* [Directions for this task]: Search the entries for lines that contain the word "ranSE", and report each one found.

* [Entries provided]:
Lemma adjoint_sym T S : is_adjoint T S -> is_adjoint S T.
Proof. by move=> adjTS x y; rewrite inner_conj -adjTS -inner_conj. Qed.

Lemma adjoint_linear T S : is_adjoint T S -> is_linear S.
Proof.
move=> adjTS a x y; apply: inner_ext => z.
by rewrite -adjTS innerDr innerZr !adjTS -innerZr -innerDr.
Qed.

Lemma adjoint_unique T S S' : is_adjoint T S -> is_adjoint T S' -> S =1 S'.
Proof. by move=> adjS adjS' y; apply: inner_ext => z; rewrite -adjS adjS'. Qed.

Lemma commutator_adjoint X Xs Y Ys : is_adjoint X Xs -> is_adjoint Y Ys ->
  is_adjoint (commutator Xs Y) (commutator Ys X).
Proof.
move=> adjX adjY x y; rewrite /commutator innerBl innerBr.
by rewrite adjY !(adjoint_sym adjX) adjY.
Qed.

Lemma adjoint_comp_eq0 X Xs T S : is_adjoint X Xs -> is_adjoint T S ->
  (forall x, T (X x) = 0) -> forall y, Xs (S y) = 0.
Proof.
move=> adjX adjT TX0 y; apply: inner_ext => z.
by rewrite -adjX -adjT TX0 inner0l inner0r.
Qed.

(* Polarization: an isometry preserves the real parts of inner products, and
   then the imaginary parts since Im <x, y> = - Re <i x, y>. *)
Lemma isometry_inner V x y : Defs.isometry V -> inner (V x) (V y) = inner x y.
Proof.
move=> [[linV _] normV].
have normsqV u : normsq (V u) = normsq u by rewrite /normsq normV.
have ReV u w : complex.Re (inner (V u) (V w)) = complex.Re (inner u w).
  by have := normsqV (u + w); rewrite (linD linV) !normsqD !normsqV; lra.
have := ReV ('i%C *: x) y; rewrite (linZ linV) !innerZl.
case: (inner x y) (inner (V x) (V y)) (ReV x y) => a b [c d] /= -> /=.
by rewrite !mul0r !mul1r !sub0r => /oppr_inj ->.
Qed.

Lemma isometryK V Vs :
  Defs.isometry V -> is_adjoint V Vs -> forall x, Vs (V x) = x.
Proof.
by move=> isoV adjV x; apply: inner_ext => z; rewrite -adjV isometry_inner.
Qed.

Lemma normal_normsq T S : is_adjoint T S -> (forall x, T (S x) = S (T x)) ->
  forall x, normsq (S x) = normsq (T x).
Proof.
move=> adjTS TS x.
by rewrite /normsq (adjoint_sym adjTS) TS -adjTS (inner_conj (T x)) ReJ.
Qed.

Lemma normal_ker T S : is_adjoint T S -> (forall x, T (S x) = S (T x)) ->
  forall x, T x = 0 -> S x = 0.
Proof.
move=> adjTS TS x Tx0; apply: normsq_eq0.
by rewrite (normal_normsq adjTS TS) Tx0 /normsq inner0l.
Qed.

Lemma adjoint_orth_ran T S (E : set H) : is_adjoint T S -> ran S `<=` E ->
  forall x, orth E x -> T x = 0.
Proof.
move=> adjTS ranSE x xE; apply: inner_definite.
by rewrite adjTS inner_conj xE ?conjC0 //; apply: ranSE; exists (T x).
Qed.

End Operators.

Section Convergence.
Context {R : realType} {H : HilbertSpace R}.
Implicit Types (u : nat -> H) (l : H).

Definition cvg_to u l := forall e : R, 0 < e ->
  exists N, forall n, (N <= n)%N -> normsq (u n - l) < e.

Definition cauchy u := forall e : R, 0 < e ->
  exists N, forall m n, (N <= m)%N -> (N <= n)%N -> normsq (u m - u n) < e.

* [Solution for this exercise]:
move=> adjTS ranSE x xE; apply: inner_definite.
by rewrite adjTS inner_conj xE ?conjC0 //; apply: ranSE; exists (T x).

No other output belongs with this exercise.